ASSIGNED TASK » Every line from the start of the records below to the line containing "Definition character (r" should be retyped exactly, that line included, and no others.

EXERCISE MATERIAL »
(* Identify the dual group of $\mathbb{T}^2$ with $\mathbb{Z}^2$ and let $K = \bigcup_{n=1}^\infty \{n\} \times \{-n,\dots,n\} \subset \mathbb{Z}^2$. Then $K$ is strictly positive definite, while the set $K_1 = \{\gamma \in \mathbb{Z} : \{\omega \in \mathbb{Z} : (\gamma,\omega) \in K\} \text{ is strictly positive definite in } \mathbb{Z}\}$ is empty.
   Context: $\mathbb{Z}^r$ is regarded as the dual group of $\mathbb{T}^r$ ($\mathbb{T}$ the complex numbers of modulus one) via $\gamma(z) = \prod_{k=1}^r z_k^{\gamma_k}$. A trigonometric polynomial on $\mathbb{Z}^r$ is a function of the form $\gamma \mapsto \sum_{i=1}^n c_i \gamma(x_i)$ with $x_i \in \mathbb{T}^r$, $c_i \in \mathbb{C}$. A subset $K \subset \mathbb{Z}^r$ is strictly positive definite if the only trigonometric polynomial vanishing at every point of $K$ is the identically zero function. *)

From Stdlib Require Import Reals ZArith.
Open Scope R_scope.

Record C := mkC { Cre : R ; Cim : R }.

Definition C0 : C := mkC 0 0.
Definition C1 : C := mkC 1 0.
Definition Cadd (z w : C) : C := mkC (Cre z + Cre w) (Cim z + Cim w).
Definition Cmul (z w : C) : C :=
  mkC (Cre z * Cre w - Cim z * Cim w) (Cre z * Cim w + Cim z * Cre w).
Definition Cnorm2 (z : C) : R := Cre z * Cre z + Cim z * Cim z.
Definition Cinv (z : C) : C := mkC (Cre z / Cnorm2 z) (- Cim z / Cnorm2 z).

Fixpoint Cpow (z : C) (n : nat) : C :=
  match n with O => C1 | S m => Cmul z (Cpow z m) end.

(** Integer powers z^k, k : Z (used for z of modulus one, so z <> 0). *)
Definition Czpow (z : C) (k : Z) : C :=
  match k with
  | Z0 => C1
  | Zpos p => Cpow z (Pos.to_nat p)
  | Zneg p => Cpow (Cinv z) (Pos.to_nat p)
  end.

Definition in_T (z : C) : Prop := Cnorm2 z = 1.

Fixpoint Csum (n : nat) (f : nat -> C) : C :=
  match n with O => C0 | S m => Cadd (Csum m f) (f m) end.
Fixpoint Cprod (n : nat) (f : nat -> C) : C :=
  match n with O => C1 | S m => Cmul (Cprod m f) (f m) end.

(** Elements of Z^r are represented by gamma : nat -> Z (only the
    coordinates 0..r-1 are used), points of T^r by x : nat -> C with
    x k in T for k < r. *)

Definition character (r : nat) (gamma : nat -> Z) (x : nat -> C) : C :=
  Cprod r (fun k => Czpow (x k) (gamma k)).

Definition in_Tr (r : nat) (x : nat -> C) : Prop :=
  forall k, (k < r)%nat -> in_T (x k).

Definition trig_poly (r n : nat) (c : nat -> C) (x : nat -> nat -> C)
  (gamma : nat -> Z) : C :=
  Csum n (fun i => Cmul (c i) (character r gamma (x i))).

Definition strictly_pos_def (r : nat) (K : (nat -> Z) -> Prop) : Prop :=
  forall (n : nat) (c : nat -> C) (x : nat -> nat -> C),
    (forall i, (i < n)%nat -> in_Tr r (x i)) ->
    (forall gamma, K gamma -> trig_poly r n c x gamma = C0) ->
    forall gamma, trig_poly r n c x gamma = C0.

Definition K_set (gamma : nat -> Z) : Prop :=
  (1 <= gamma 0%nat)%Z /\ (- gamma 0%nat <= gamma 1%nat <= gamma 0%nat)%Z.

Definition pairZ (g w : Z) : nat -> Z :=
  fun k => match k with O => g | S O => w | _ => 0%Z end.

(** K_1 = { g in Z : { w in Z : (g,w) in K } is strictly positive definite in Z }.
    Subsets of Z = Z^1 are predicates on v : nat -> Z through v 0. *)
Definition K1_set (g : Z) : Prop :=
  strictly_pos_def 1 (fun v => K_set (pairZ g (v 0%nat))).

(* Strict positive definiteness of K: if p(γ) = Σ_{i<n} c_i γ(x_i) vanishes on K,
   then for each first coordinate γ_0 ∈ [n+1, 2n] the one-variable exponential
   sum γ_1 ↦ p(γ_0, γ_1) has n frequencies and vanishes on the n consecutive
   integers 0, ..., n-1 ⊂ [-γ_0, γ_0], hence vanishes identically; then for every
   γ_1 the sum γ_0 ↦ p(γ_0, γ_1) vanishes on n+1, ..., 2n, hence identically.
   An exponential sum with m nonzero frequencies vanishing on m consecutive
   integers vanishes everywhere: applying the difference operator u ↦ u(·+1) - z u
   for one frequency z removes that frequency, and by induction leaves a
   geometric sequence that must vanish.

   Each section of K is contained in a bounded interval [-g, g] ⊂ ℤ, and no bounded interval
   is strictly positive definite: with ζ a primitive N-th root of unity for
   N = 4(g+1), the polynomial w ↦ Σ_{k<N} ζ^{k(w-g-1)} vanishes on [-g, g] but
   equals N at w = g+1. *)
From Pilot Require Import Defs.
From Stdlib Require Import Reals ZArith Lia Lra Psatz.
Import Defs.
Open Scope R_scope.

Definition Copp (z : C) : C := mkC (- Cre z) (- Cim z).
Definition Csub (z w : C) : C := Cadd z (Copp w).

Lemma C_ext (z w : C) : Cre z = Cre w -> Cim z = Cim w -> z = w.
Proof. destruct z, w; simpl; intros; subst; reflexivity. Qed.

Lemma C_ring : ring_theory C0 C1 Cadd Cmul Csub Copp (@eq C).
Proof.
  constructor; intros; apply C_ext; destruct x; try destruct y; try destruct z;
    unfold Cadd, Cmul, Csub, Copp, C0, C1; simpl; ring.
Qed.
Add Ring C_ring : C_ring.

Lemma in_T_Cnorm2_neq0 (z : C) : in_T z -> Cnorm2 z <> 0.
Proof. unfold in_T; lra. Qed.

Lemma Cinv_l (z : C) : Cnorm2 z <> 0 -> Cmul (Cinv z) z = C1.
Proof.
  destruct z as [a b]; unfold Cinv, Cnorm2, Cmul, C1; simpl; intro Hz.
  apply C_ext; simpl; field; exact Hz.
Qed.

Lemma Cmul_eq0_r (a w : C) : Cnorm2 a <> 0 -> Cmul a w = C0 -> w = C0.
Proof.
  intros Ha Haw.
  transitivity (Cmul (Cmul (Cinv a) a) w); [rewrite Cinv_l by exact Ha; ring |].
  transitivity (Cmul (Cinv a) (Cmul a w)); [ring | rewrite Haw; ring].
Qed.

Lemma Czpow_succ (z : C) (k : Z) :
  Cnorm2 z <> 0 -> Czpow z (Z.succ k) = Cmul z (Czpow z k).
Proof.
  intro Hz. destruct k as [|p|p].
  - simpl. ring.
  - replace (Z.succ (Z.pos p)) with (Z.pos (Pos.succ p)) by lia.
    unfold Czpow. rewrite Pos2Nat.inj_succ. reflexivity.
  - destruct (Pos.succ_pred_or p) as [-> | Hp].
    + simpl.
      transitivity (Cmul (Cmul (Cinv z) z) C1); [rewrite Cinv_l by exact Hz |]; ring.
    + rewrite <- Hp.
      replace (Z.succ (Z.neg (Pos.succ (Pos.pred p)))) with (Z.neg (Pos.pred p)) by lia.
      unfold Czpow. rewrite Pos2Nat.inj_succ. simpl Cpow.
      transitivity (Cmul (Cmul (Cinv z) z) (Cpow (Cinv z) (Pos.to_nat (Pos.pred p))));
        [rewrite Cinv_l by exact Hz |]; ring.
Qed.

Lemma Csum_ext (n : nat) (f g : nat -> C) :
  (forall i, (i < n)%nat -> f i = g i) -> Csum n f = Csum n g.
Proof.
  induction n as [|n IHn]; intros Hfg; simpl; [reflexivity |].
  rewrite IHn by (intros; apply Hfg; lia). rewrite Hfg by lia. reflexivity.
Qed.

Lemma Csum_sub_scale (n : nat) (f g : nat -> C) (a : C) :
  Csum n (fun i => Csub (f i) (Cmul a (g i))) = Csub (Csum n f) (Cmul a (Csum n g)).
Proof. induction n as [|n IHn]; simpl; [ring | rewrite IHn; ring]. Qed.

Lemma geometric_seq_eq0 (u : Z -> C) (a : C) (k0 : Z) :
  Cnorm2 a <> 0 -> (forall k, u (Z.succ k) = Cmul a (u k)) ->
  u k0 = C0 -> forall k, u k = C0.
Proof.
  intros Ha Hu Hk0.
  refine (Z.order_induction (fun k => u k = C0) _ k0 Hk0 _ _).
  - intros k _ Hk. rewrite Hu, Hk. ring.
  - intros k _ Hk. apply (Cmul_eq0_r a); [exact Ha | rewrite <- Hu; exact Hk].
Qed.

Definition exp_sum (m : nat) (d z : nat -> C) (k : Z) : C :=
  Csum m (fun i => Cmul (d i) (Czpow (z i) k)).

(* The difference operator u ↦ u(· + 1) - z_m u kills the frequency z_m. *)
Lemma exp_sum_difference_last (m : nat) (d z : nat -> C) (k : Z) :
  (forall i, (i <= m)%nat -> Cnorm2 (z i) <> 0) ->
  exp_sum m (fun i => Cmul (d i) (Csub (z i) (z m))) z k
  = Csub (exp_sum (S m) d z (Z.succ k)) (Cmul (z m) (exp_sum (S m) d z k)).
Proof.
  intro Hz. unfold exp_sum. cbn [Csum].
  rewrite (Czpow_succ (z m)) by (apply Hz; lia).
  rewrite (Csum_ext m (fun i => Cmul (d i) (Czpow (z i) (Z.succ k)))
             (fun i => Cmul (d i) (Cmul (z i) (Czpow (z i) k))))
    by (intros; rewrite Czpow_succ by (apply Hz; lia); reflexivity).
  rewrite (Csum_ext m (fun i => Cmul (Cmul (d i) (Csub (z i) (z m))) (Czpow (z i) k))
             (fun i => Csub (Cmul (d i) (Cmul (z i) (Czpow (z i) k)))
                            (Cmul (z m) (Cmul (d i) (Czpow (z i) k)))))
    by (intros; ring).
  rewrite Csum_sub_scale. ring.
Qed.

Lemma exp_sum_eq0_of_consecutive (m : nat) (d z : nat -> C) (k0 : Z) :
  (forall i, (i < m)%nat -> Cnorm2 (z i) <> 0) ->
  (forall j, (j < m)%nat -> exp_sum m d z (k0 + Z.of_nat j) = C0) ->
  forall k, exp_sum m d z k = C0.
Proof.
  revert d k0. induction m as [|m IHm]; intros d k0 Hz Hvan k; [reflexivity |].
  assert (Hdiff : forall k, exp_sum m (fun i => Cmul (d i) (Csub (z i) (z m))) z k = C0).
  { apply (IHm _ k0); [intros; apply Hz; lia |].
    intros j Hj. rewrite exp_sum_difference_last by (intros; apply Hz; lia).
    replace (Z.succ (k0 + Z.of_nat j)) with (k0 + Z.of_nat (S j))%Z by lia.
    rewrite !Hvan by lia. ring. }
  apply (geometric_seq_eq0 _ (z m) k0); [apply Hz; lia | |].
  - intro k'. specialize (Hdiff k'). rewrite exp_sum_difference_last in Hdiff
      by (intros; apply Hz; lia).
    transitivity (Cadd (Csub (exp_sum (S m) d z (Z.succ k'))
                             (Cmul (z m) (exp_sum (S m) d z k')))
                       (Cmul (z m) (exp_sum (S m) d z k'))); [ring |].
    rewrite Hdiff. ring.
  - rewrite <- (Z.add_0_r k0). apply (Hvan 0%nat). lia.
Qed.

Lemma trig_poly2_exp_sum_snd (n : nat) (c : nat -> C) (x : nat -> nat -> C) (gamma : nat -> Z) :
  trig_poly 2 n c x gamma
  = exp_sum n (fun i => Cmul (c i) (Czpow (x i 0%nat) (gamma 0%nat))) (fun i => x i 1%nat)
      (gamma 1%nat).
Proof. apply Csum_ext; intros; unfold character; simpl; ring. Qed.

Lemma trig_poly2_exp_sum_fst (n : nat) (c : nat -> C) (x : nat -> nat -> C) (gamma : nat -> Z) :
  trig_poly 2 n c x gamma
  = exp_sum n (fun i => Cmul (c i) (Czpow (x i 1%nat) (gamma 1%nat))) (fun i => x i 0%nat)
      (gamma 0%nat).
Proof. apply Csum_ext; intros; unfold character; simpl; ring. Qed.

Lemma K_set_strictly_pos_def : strictly_pos_def 2 K_set.
Proof.
  intros n c x Hx HK.
  assert (Hnode : forall k i, (k < 2)%nat -> (i < n)%nat -> Cnorm2 (x i k) <> 0).
  { intros k i Hk Hi. apply in_T_Cnorm2_neq0, (Hx i Hi k Hk). }
  assert (Hcols : forall j q, (j < n)%nat ->
                    trig_poly 2 n c x (pairZ (Z.of_nat (n + 1) + Z.of_nat j) q) = C0).
  { intros j q Hj. rewrite trig_poly2_exp_sum_snd.
    apply (exp_sum_eq0_of_consecutive _ _ _ 0); [intros; apply Hnode; lia |].
    intros j' Hj'.
    specialize (HK (pairZ (Z.of_nat (n + 1) + Z.of_nat j) (0 + Z.of_nat j'))).
    rewrite trig_poly2_exp_sum_snd in HK. apply HK. unfold K_set, pairZ. lia. }
  intro gamma. rewrite trig_poly2_exp_sum_fst.
  apply (exp_sum_eq0_of_consecutive _ _ _ (Z.of_nat (n + 1))); [intros; apply Hnode; lia |].
  intros j Hj.
  specialize (Hcols j (gamma 1%nat) Hj). rewrite trig_poly2_exp_sum_fst in Hcols.
  exact Hcols.
Qed.

Definition cis (t : R) : C := mkC (cos t) (sin t).

Lemma cis_add (s t : R) : Cmul (cis s) (cis t) = cis (s + t).
Proof. unfold cis, Cmul; simpl. rewrite cos_plus, sin_plus. f_equal; ring. Qed.

Lemma cis_in_T (t : R) : in_T (cis t).
Proof. unfold in_T, Cnorm2, cis; simpl. pose proof (sin2_cos2 t). unfold Rsqr in *. lra. Qed.

Lemma cis_0 : cis 0 = C1.
Proof. unfold cis, C1. rewrite cos_0, sin_0. reflexivity. Qed.

Lemma Cinv_cis (t : R) : Cinv (cis t) = cis (- t).
Proof.
  unfold Cinv. rewrite (cis_in_T t).
  unfold cis; simpl. rewrite cos_neg, sin_neg. f_equal; field.
Qed.

Lemma Cpow_cis (n : nat) (t : R) : Cpow (cis t) n = cis (INR n * t).
Proof.
  induction n as [|n IHn]; simpl Cpow.
  - rewrite Rmult_0_l, cis_0. reflexivity.
  - rewrite IHn, cis_add, S_INR. f_equal. ring.
Qed.

Lemma Czpow_cis (k : Z) (t : R) : Czpow (cis t) k = cis (IZR k * t).
Proof.
  destruct k as [|p|p]; unfold Czpow.
  - rewrite Rmult_0_l, cis_0. reflexivity.
  - rewrite Cpow_cis, INR_IZR_INZ, positive_nat_Z. reflexivity.
  - rewrite Cinv_cis, Cpow_cis, INR_IZR_INZ, positive_nat_Z.
    replace (Z.neg p) with (- Z.pos p)%Z by reflexivity.
    rewrite opp_IZR. f_equal. ring.
Qed.

Lemma cis_mult_2PI (m : Z) : cis (IZR m * (2 * PI)) = C1.
Proof.
  rewrite <- Czpow_cis.
  replace (cis (2 * PI)) with C1
    by (unfold cis, C1; rewrite cos_2PI, sin_2PI; reflexivity).
  rewrite <- cis_0, Czpow_cis, Rmult_0_r. reflexivity.
Qed.

Lemma cis_geometric_sum (N : nat) (phi : R) :
  Cmul (Csub (cis phi) C1) (Csum N (fun k => cis (INR k * phi)))
  = Csub (cis (INR N * phi)) C1.
Proof.
  induction N as [|N IHN]; cbn [Csum].
  - rewrite Rmult_0_l, cis_0. ring.
  - transitivity (Cadd (Cmul (Csub (cis phi) C1) (Csum N (fun k => cis (INR k * phi))))
                       (Cmul (Csub (cis phi) C1) (cis (INR N * phi)))); [ring |].
    rewrite IHN, S_INR.
    replace (cis ((INR N + 1) * phi)) with (Cmul (cis phi) (cis (INR N * phi)))
      by (rewrite cis_add; f_equal; ring).
    ring.
Qed.

Lemma roots_of_unity_sum_eq0 (N : nat) (m : Z) :
  m <> 0%Z -> (2 * Z.abs m < Z.of_nat N)%Z ->
  Csum N (fun k => cis (INR k * (2 * PI * IZR m / INR N))) = C0.
Proof.
  intros Hm HmN.
  set (phi := 2 * PI * IZR m / INR N).
  assert (HN : 0 < INR N) by (apply lt_0_INR; lia).
  assert (Hsign : 0 < IZR m /\ 2 * IZR m < INR N \/ IZR m < 0 /\ - (2 * IZR m) < INR N).
  { rewrite INR_IZR_INZ.
    destruct (proj1 (Z.lt_gt_cases m 0) Hm); [right | left]; split;
      rewrite <- ?mult_IZR, <- ?opp_IZR; apply IZR_lt; lia. }
  set (r := 2 * IZR m / INR N).
  assert (Hr : r * INR N = 2 * IZR m) by (unfold r; field; lra).
  assert (Hphi : phi = PI * r) by (unfold phi, r; field; lra).
  pose proof PI_RGT_0.
  assert (Hsin : sin phi <> 0).
  { rewrite Hphi. destruct Hsign as [[Hm1 Hm2] | [Hm1 Hm2]].
    - assert (0 < r < 1) by nra. apply Rgt_not_eq, sin_gt_0; nra.
    - assert (-1 < r < 0) by nra. apply Rlt_not_eq, sin_lt_0_var; nra. }
  apply (Cmul_eq0_r (Csub (cis phi) C1)).
  - unfold Cnorm2, Csub, Cadd, Copp, cis, C1; simpl.
    apply Rgt_not_eq. pose proof (Rsqr_pos_lt _ Hsin). pose proof (Rle_0_sqr (cos phi + - (1))).
    unfold Rsqr in *. lra.
  - rewrite cis_geometric_sum.
    replace (INR N * phi) with (IZR m * (2 * PI)) by
      (rewrite Hphi; transitivity (PI * (r * INR N)); [rewrite Hr |]; ring).
    rewrite cis_mult_2PI. ring.
Qed.

Lemma Cre_Csum_C1 (N : nat) : Cre (Csum N (fun _ => C1)) = INR N.
Proof.
  induction N as [|N IHN]; [reflexivity |].
  cbn [Csum Cadd Cre]. rewrite IHN, S_INR. reflexivity.
Qed.

Lemma interval_not_strictly_pos_def (G : nat) :
  ~ strictly_pos_def 1 (fun v => (- Z.of_nat G <= v 0%nat <= Z.of_nat G)%Z).
Proof.
  set (N := (4 * (G + 1))%nat). set (s := (Z.of_nat G + 1)%Z).
  set (a := 2 * PI / INR N).
  assert (HN : 0 < INR N) by (apply lt_0_INR; unfold N; lia).
  assert (Hpoly : forall gamma : nat -> Z,
    trig_poly 1 N (fun k => cis (- (INR k * a) * IZR s)) (fun k _ => cis (INR k * a)) gamma
    = Csum N (fun k => cis (INR k * (2 * PI * IZR (gamma 0%nat - s) / INR N)))).
  { intro gamma. apply Csum_ext. intros k _.
    unfold character. cbn [Cprod]. rewrite Czpow_cis.
    transitivity (Cmul (cis (- (INR k * a) * IZR s)) (cis (IZR (gamma 0%nat) * (INR k * a))));
      [ring |].
    rewrite cis_add, minus_IZR.
    f_equal. unfold a. field. lra. }
  intro Hspd.
  assert (Hs : trig_poly 1 N (fun k => cis (- (INR k * a) * IZR s))
                 (fun k _ => cis (INR k * a)) (fun _ => s) = C0).
  { apply Hspd; [intros i _ k _; apply cis_in_T |].
    intros gamma Hgamma. rewrite Hpoly.
    apply roots_of_unity_sum_eq0; unfold s, N; lia. }
  rewrite Hpoly, Z.sub_diag in Hs.
  rewrite (Csum_ext N _ (fun _ => C1)) in Hs
    by (intros i _; replace (INR i * (2 * PI * 0 / INR N)) with 0 by (field; lra); exact cis_0).
  pose proof (Cre_Csum_C1 N) as Hre. rewrite Hs in Hre. simpl in Hre. lra.
Qed.

Lemma strictly_pos_def_mono (r : nat) (K K' : (nat -> Z) -> Prop) :
  (forall gamma, K gamma -> K' gamma) -> strictly_pos_def r K -> strictly_pos_def r K'.
Proof. intros HKK' HK n c x Hx Hvan. apply HK; [exact Hx |]. intros; apply Hvan, HKK'; assumption. Qed.

Lemma K1_set_empty (g : Z) : ~ K1_set g.
Proof.
  intro Hg. apply (interval_not_strictly_pos_def (Z.to_nat g)).
  revert Hg. apply strictly_pos_def_mono.
  intros v. unfold K_set, pairZ. lia.
Qed.

Theorem mainTheorem13 :
  strictly_pos_def 2 K_set /\ (forall g : Z, ~ K1_set g).
Proof. split; [exact K_set_strictly_pos_def | exact K1_set_empty]. Qed.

ANSWER TO THIS EXERCISE »
(* Identify the dual group of $\mathbb{T}^2$ with $\mathbb{Z}^2$ and let $K = \bigcup_{n=1}^\infty \{n\} \times \{-n,\dots,n\} \subset \mathbb{Z}^2$. Then $K$ is strictly positive definite, while the set $K_1 = \{\gamma \in \mathbb{Z} : \{\omega \in \mathbb{Z} : (\gamma,\omega) \in K\} \text{ is strictly positive definite in } \mathbb{Z}\}$ is empty.
   Context: $\mathbb{Z}^r$ is regarded as the dual group of $\mathbb{T}^r$ ($\mathbb{T}$ the complex numbers of modulus one) via $\gamma(z) = \prod_{k=1}^r z_k^{\gamma_k}$. A trigonometric polynomial on $\mathbb{Z}^r$ is a function of the form $\gamma \mapsto \sum_{i=1}^n c_i \gamma(x_i)$ with $x_i \in \mathbb{T}^r$, $c_i \in \mathbb{C}$. A subset $K \subset \mathbb{Z}^r$ is strictly positive definite if the only trigonometric polynomial vanishing at every point of $K$ is the identically zero function. *)

From Stdlib Require Import Reals ZArith.
Open Scope R_scope.

Record C := mkC { Cre : R ; Cim : R }.

Definition C0 : C := mkC 0 0.
Definition C1 : C := mkC 1 0.
Definition Cadd (z w : C) : C := mkC (Cre z + Cre w) (Cim z + Cim w).
Definition Cmul (z w : C) : C :=
  mkC (Cre z * Cre w - Cim z * Cim w) (Cre z * Cim w + Cim z * Cre w).
Definition Cnorm2 (z : C) : R := Cre z * Cre z + Cim z * Cim z.
Definition Cinv (z : C) : C := mkC (Cre z / Cnorm2 z) (- Cim z / Cnorm2 z).

Fixpoint Cpow (z : C) (n : nat) : C :=
  match n with O => C1 | S m => Cmul z (Cpow z m) end.

(** Integer powers z^k, k : Z (used for z of modulus one, so z <> 0). *)
Definition Czpow (z : C) (k : Z) : C :=
  match k with
  | Z0 => C1
  | Zpos p => Cpow z (Pos.to_nat p)
  | Zneg p => Cpow (Cinv z) (Pos.to_nat p)
  end.

Definition in_T (z : C) : Prop := Cnorm2 z = 1.

Fixpoint Csum (n : nat) (f : nat -> C) : C :=
  match n with O => C0 | S m => Cadd (Csum m f) (f m) end.
Fixpoint Cprod (n : nat) (f : nat -> C) : C :=
  match n with O => C1 | S m => Cmul (Cprod m f) (f m) end.

(** Elements of Z^r are represented by gamma : nat -> Z (only the
    coordinates 0..r-1 are used), points of T^r by x : nat -> C with
    x k in T for k < r. *)

Definition character (r : nat) (gamma : nat -> Z) (x : nat -> C) : C :=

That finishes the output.